O MPF argumentou, em seu pedido, que não teria ocorrido anistia, nem tampouco prescrição dos alegados crimes, por três motivos: 1) eles teriam sido praticados em contexto de um ataque sistemático e generalizado contra a população civil brasileira por meio da violência; 2) constituíram em graves violações aos direitos humanos, os quais excluem a validade de interpretações que assegurem a impunidade de tais violações; 3) foram crimes de lesa-humanidade ou a eles conexos (no caso de prevaricação), motivo pelo qual não estariam protegidos por regras domésticas de anistia e prescrição.

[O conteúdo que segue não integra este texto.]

(* Let $\alpha>2$ with $\alpha\notin\mathbb N$ and $\lfloor\alpha\rfloor=2m$ for some $m\in\mathbb N$, and let $k\in\mathbb N$. With \[ L(\lambda)=2\sum_{j=1}^m\Big(1+2\lambda\cos\frac{2j\pi}{\alpha}+\lambda^2\Big)^{\alpha k/2}+(1-\alpha)(1+\lambda)^{\alpha k}-\frac{\alpha\sin(\alpha\pi)}{\pi}\int_0^{1/\lambda}\frac{s^{\alpha-1}(1-\lambda s)^{\alpha k}}{s^{2\alpha}-2s^\alpha\cos(\alpha\pi)+1}\,ds, \] there exists $\lambda_0>0$ such that $L(\lambda)<0$ for all $\lambda\in(0,\lambda_0)$. *)

From Stdlib Require Import Reals.
From Coquelicot Require Import Coquelicot.
Open Scope R_scope.

(* Real power x^y for x > 0; extended by 0 for x <= 0 (only matters at
   isolated points such as s = 0 or s = 1/lambda, irrelevant for integrals). *)
Definition rpow (x y : R) : R := if Rlt_dec 0 x then Rpower x y else 0.

Definition L_fun (alpha : R) (m k : nat) (lam : R) : R :=
  2 * sum_n_m (fun j : nat =>
        rpow (1 + 2 * lam * cos (2 * INR j * PI / alpha) + lam ^ 2)
             (alpha * INR k / 2)) 1 m
  + (1 - alpha) * rpow (1 + lam) (alpha * INR k)
  - alpha * sin (alpha * PI) / PI *
      RInt (fun s => rpow s (alpha - 1) * rpow (1 - lam * s) (alpha * INR k)
                     / (rpow s (2 * alpha) - 2 * rpow s alpha * cos (alpha * PI) + 1))
           0 (1 / lam).

From Stdlib Require Import Reals Lra Lia.
From Coquelicot Require Import Coquelicot.
Open Scope R_scope.

(* Expand [L] to first order in [lam]: the powers by [(1 + x)^q ~ 1 + q x], the factor
   [(1 - lam s)^(alpha k)] of the integrand by Bernoulli's inequality, and the two remaining
   integrals exactly, through the primitive [atan ((s^alpha - cos (alpha PI)) / sin (alpha PI))]
   of [s^(alpha-1) / (s^(2 alpha) - 2 s^alpha cos (alpha PI) + 1)].  Because
   [atan (cot (alpha PI)) = PI (2m + 1 - alpha) - PI/2], the constant terms cancel, and the
   coefficient of [lam] is at most [- alpha k / 3] since [cos (2 m PI / alpha)] is close to [-1];
   hence [L lam <= - alpha k lam / 3 + C lam^2] for small [lam]. *)

Lemma rpow_pos x p : 0 < x -> rpow x p = Rpower x p.
Proof. intros Hx; unfold rpow; destruct (Rlt_dec 0 x); [reflexivity | lra]. Qed.

Lemma rpow_nonpos x p : x <= 0 -> rpow x p = 0.
Proof. intros Hx; unfold rpow; destruct (Rlt_dec 0 x); [lra | reflexivity]. Qed.

Lemma rpow_ge_0 x p : 0 <= rpow x p.
Proof. unfold rpow; destruct (Rlt_dec 0 x); [left; apply exp_pos | lra]. Qed.

Lemma rpow_1_l p : rpow 1 p = 1.
Proof. rewrite rpow_pos by lra; unfold Rpower; rewrite ln_1, Rmult_0_r; apply exp_0. Qed.
Lemma area2_eq0_on_line (l : line R) p0 p1 p2 : p1 <> p0 ->
  on_line l p0 -> on_line l p1 -> area2 p0 p1 p2 = 0 -> on_line l p2.
Proof.
rewrite /on_line /area2 => p10 h0 h1 hD.
set X := l.1.1 * (p2.1 - p0.1) + l.1.2 * (p2.2 - p0.2).
have n01 : l.1.1 * (p1.1 - p0.1) + l.1.2 * (p1.2 - p0.2) = 0.
  rewrite [LHS](_ : _ = (l.1.1 * p1.1 + l.1.2 * p1.2) - (l.1.1 * p0.1 + l.1.2 * p0.2)).
    by rewrite h0 h1 subrr.
  by ring.
(* X is the dot product of the normal of l with p2 - p0, which is parallel to p1 - p0 *)
have X1 : X * (p1.1 - p0.1) = 0.
  transitivity ((p2.1 - p0.1) * (l.1.1 * (p1.1 - p0.1) + l.1.2 * (p1.2 - p0.2))
     + l.1.2 * ((p1.1 - p0.1) * (p2.2 - p0.2) - (p1.2 - p0.2) * (p2.1 - p0.1))).
    by rewrite /X; ring.
  by rewrite n01 hD !mulr0 addr0.
have X2 : X * (p1.2 - p0.2) = 0.
  transitivity ((p2.2 - p0.2) * (l.1.1 * (p1.1 - p0.1) + l.1.2 * (p1.2 - p0.2))
     - l.1.1 * ((p1.1 - p0.1) * (p2.2 - p0.2) - (p1.2 - p0.2) * (p2.1 - p0.1))).
    by rewrite /X; ring.
  by rewrite n01 hD !mulr0 subr0.
have X0 : X = 0.
  move/eqP: X1; rewrite mulf_eq0 subr_eq0 => /orP [/eqP // | /eqP e1].
  move/eqP: X2; rewrite mulf_eq0 subr_eq0 => /orP [/eqP // | /eqP e2].
  by case: p10; rewrite [p1]surjective_pairing [p0]surjective_pairing e1 e2.
rewrite [LHS](_ : _ = X + (l.1.1 * p0.1 + l.1.2 * p0.2)); last by rewrite /X; ring.
by rewrite X0 h0 add0r.
Qed.

End Plane.
Lemma measurable_psum_integrand n i a b :
  measurable_fun setT (fun y : R =>
    ((p a y * \1_(A i) (b + y))%:E * chain_integral p n y (psum_indic A i.+1 (b + y)))%E).
Proof.
apply: emeasurable_funM.
  apply/measurable_EFinP; apply: measurable_funM.
    exact: (measurable_fun_pair2 a mp).
  apply: (measurableT_comp (@measurable_indic _ _ R setT _ (mA i))).
  by apply: measurable_funD => //; exact: measurable_cst.
apply: (@measurable_chain_integral_dep R p mp p_ge0 n
  (fun y s => psum_indic A i.+1 (b + y) s)); last by move=> *; exact: psum_indic_ge0.
rewrite (_ : (fun yt : R * n.-tuple R => _) =
  (fun ct : R * n.-tuple R => psum_indic A i.+1 ct.1 ct.2)
  \o (fun yt : R * n.-tuple R => (b + yt.1, yt.2))) //.
apply: measurableT_comp; first exact: measurable_psum_indic.
by apply: measurable_fun_pair => //; exact: measurable_funD.
Qed.

(* Substituting [w = b + y] in each integral turns the increments into positions. *)
Lemma chain_integral_psum_indic n : forall (c a b : R) i, 0 <= c ->
  (c%:E * chain_integral p n a (psum_indic A i b) =
   iint n A i (fun s => (c * walk_density a b s)%:E))%E.
Proof.
elim: n => [|n IH] c a b i c_ge0 /=; first by rewrite mule1 mulr1.
have integrand_ge0 y : (0 <= (p a y * \1_(A i) (b + y))%:E
    * chain_integral p n y (psum_indic A i.+1 (b + y)))%E.
  apply: mule_ge0; first by rewrite lee_fin mulr_ge0 // indicE ler0n.
  by apply: (@chain_integral_ge0 _ p p_ge0) => s; exact: psum_indic_ge0.
transitivity (c%:E * \int[mu]_y ((p a y * \1_(A i) (b + y))%:E
    * chain_integral p n y (psum_indic A i.+1 (b + y))))%E.
  congr (_ * _)%E; apply: eq_integral => y _; rewrite indicE.
  have [yA|yA] := boolP (b + y \in A i).
    rewrite mulr1; congr (_ * _)%E; apply: eq_chain_integral => s _ /=.
    by rewrite mul1e.
  rewrite mulr0 mul0e (_ : chain_integral p n y _ = 0%E) ?mule0 //.
  rewrite -(chain_integral0 p n y); apply: eq_chain_integral => s _ /=.
  by rewrite mul0e.
rewrite -ge0_integralZl_EFin //; last exact: measurable_psum_integrand.
rewrite (ge0_integral_translate b); last 2 first.
- exact: emeasurable_funM (measurable_cst _) (measurable_psum_integrand n i a b).
- by move=> y; apply: mule_ge0; [rewrite lee_fin|exact: integrand_ge0].
rewrite [RHS]integral_mkcond; apply: eq_integral => w _.
have -> : b + (w - b) = w by rewrite addrC subrK.
rewrite /patch indicE; case: ifPn => wA /=; last by rewrite mulr0 mul0e mule0.
rewrite mulr1 muleA -EFinM IH ?mulr_ge0 //.
by apply: eq_iint => s _; rewrite mulrA.
Qed.
(* Let $T$ be a consistent theory extending $I\Delta_0+\Omega_1$, and let $\varphi(x)$ be a formula with one free variable $x$. Then there exists a sentence $\psi$ such that $T\vdash \psi\leftrightarrow\varphi(\ulcorner\psi\urcorner_Z)$.
   Context: Fibonacci numbers: $F_1=1$, $F_2=2$, $F_n=F_{n-1}+F_{n-2}$. Cantor pairing $\langle x,y\rangle=\frac{(x+y)(x+y+1)}{2}+x$. For a finite sequence $[a_1,\dots,a_m]$ of natural numbers, $\operatorname{Seq}_Z([a_1,\dots,a_m])=\sum_{i=1}^m F_{2\langle a_i,i\rangle+1}$ (empty sequence $\mapsto 0$). Each symbol of the (arithmetical) language has a fixed positive code $\ulcorner s\urcorner$, with variables $v_i$ coded $i+k$ for a fixed offset $k$ exceeding all other symbol codes, and a formula $\chi = s_1\cdots s_m$ is coded by $\ulcorner\chi\urcorner_Z=\operatorname{Seq}_Z([\ulcorner s_1\urcorner,\dots,\ulcorner s_m\urcorner])$; in $\varphi(\ulcorner\psi\urcorner_Z)$ the code is substituted as a numeral. $I\Delta_0+\Omega_1$ is $\Delta_0$-induction plus the axiom $\Omega_1$ asserting totality of $\omega_1(x)=x^{\lfloor\log_2 x\rfloor}$. *)

From Stdlib Require Import Arith List.
Import ListNotations.

Inductive term : Type :=
| tvar : nat -> term
| tzero : term
| tsucc : term -> term
| tplus : term -> term -> term
| ttimes : term -> term -> term.

Inductive formula : Type :=
| feq : term -> term -> formula
| fle : term -> term -> formula
| fneg : formula -> formula
| fimp : formula -> formula -> formula
| fall : nat -> formula -> formula.

Definition fex (x : nat) (f : formula) : formula := fneg (fall x (fneg f)).
Definition fand (a b : formula) : formula := fneg (fimp a (fneg b)).
Definition fiff (a b : formula) : formula := fand (fimp a b) (fimp b a).

Inductive symbol : Type :=
| SZero | SSucc | SPlus | STimes | SEq | SLe | SNeg | SImp | SAll
| SVar : nat -> symbol.

Fixpoint term_syms (t : term) : list symbol :=
  match t with
  | tvar i => [SVar i]
  | tzero => [SZero]
  | tsucc u => SSucc :: term_syms u
  | tplus u v => SPlus :: term_syms u ++ term_syms v
  | ttimes u v => STimes :: term_syms u ++ term_syms v
  end.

“Não se pode dizer que a repressão a opositores do regime de exceção, por mais dura que tenha sido, tenha se estendido à grande massa da população brasileira. O argumento peca pelo caráter hiperbólico e não é suficiente para os fins pretendidos. Igualmente não procede o argumento ministerial sobre a influência do direito internacional na ordem jurídica interna, com vistas a caracterizar os fatos narrados na denúncia como crimes de lesa-humanidade e, por isso, imprescritíveis ou insuscetíveis de anistia”, afirma Andreia Moruzzi. Além disso, “descabe cogitar a aplicação retroativa das disposições e diretivas de direito internacional que pretendam invalidar, direta ou indiretamente, a aplicação da Lei 6.683/79. Defender tal entendimento contraria, sim, o dispositivo de decisão do Supremo Tribunal Federal”.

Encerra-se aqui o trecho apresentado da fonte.